▶ _Input records_
········
Lemma Fbar_scale D x E : x != 0 -> Fbar D E -> Fbar D (scale x E).
Proof.
move=> x0 [[E0 Eadd Emul] [e [Ee e0]]]; split; last first.
  by exists (x * e); split; [exists e | apply: mulf_neq0].
split; first by exists 0; rewrite mulr0.
  move=> _ _ [u [Eu ->]] [v [Ev ->]].
  by exists (u + v); rewrite mulrDr; split=> //; apply: Eadd.
by move=> d _ Dd [u [Eu ->]]; exists (d * u); rewrite mulrCA; split=> //; apply: Emul.
Qed.

Lemma span_sub D M s : is_Dmodule D M -> (forall a, a \in s -> M a) -> span D s `<=` M.
Proof.
case=> M0 Madd Mmul; elim: s => [|b s IH] Ms x /=; first by move->.
case=> d [y [Dd Sy ->]]; apply: Madd; first by apply: Mmul => //; apply: Ms; rewrite inE eqxx.
by apply: IH => // a ai; apply: Ms; rewrite inE ai orbT.
Qed.

Lemma span_module D s : is_subsemiring D -> is_Dmodule D (span D s).
Proof.
case=> D0 _ Dadd Dmul; elim: s => [|a s [S0 Sadd Smul]] /=.
  by split=> // [x y -> ->|d x _ ->]; rewrite ?addr0 ?mulr0.
split; first by exists 0, 0; rewrite mul0r addr0.
  move=> _ _ [d [x [Dd Sx ->]]] [e [y [De Sy ->]]].
  exists (d + e), (x + y); split; [exact: Dadd | exact: Sadd |].
  by rewrite mulrDl addrACA.
move=> d _ Dd [e [y [De Sy ->]]]; exists (d * e), (d * y).
by split; [exact: Dmul | exact: Smul | rewrite mulrDr mulrA].
Qed.

Lemma mem_span D s a : is_subsemiring D -> a \in s -> span D s a.
Proof.
move=> HD; have [D0 D1 _ _] := HD.
elim: s => [|b s IH] //; rewrite inE => /orP[/eqP ->|ai].
  by exists 1, 0; split=> //; [case: (span_module s HD) | rewrite mul1r addr0].
by exists 0, a; split=> //; [apply: IH | rewrite mul0r add0r].
Qed.

Lemma span_neq0 D s : nonzero_set (span D s) -> exists2 a, a \in s & a != 0.
Proof.
move=> [x [Sx x0]]; apply: contrapT => Hs; move: x0.
suff /= -> : [set 0] x by rewrite eqxx.
apply: span_sub Sx; first by split=> // [? ? -> ->|? ? _ ->]; rewrite ?addr0 ?mulr0.
by move=> a ai; apply: contrapT => /eqP a0; apply: Hs; exists a.
Qed.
········
▶ _Exercise_
Say how many lines in the records above hold "Mmul", and give no other text.

▶ _Written answer_
2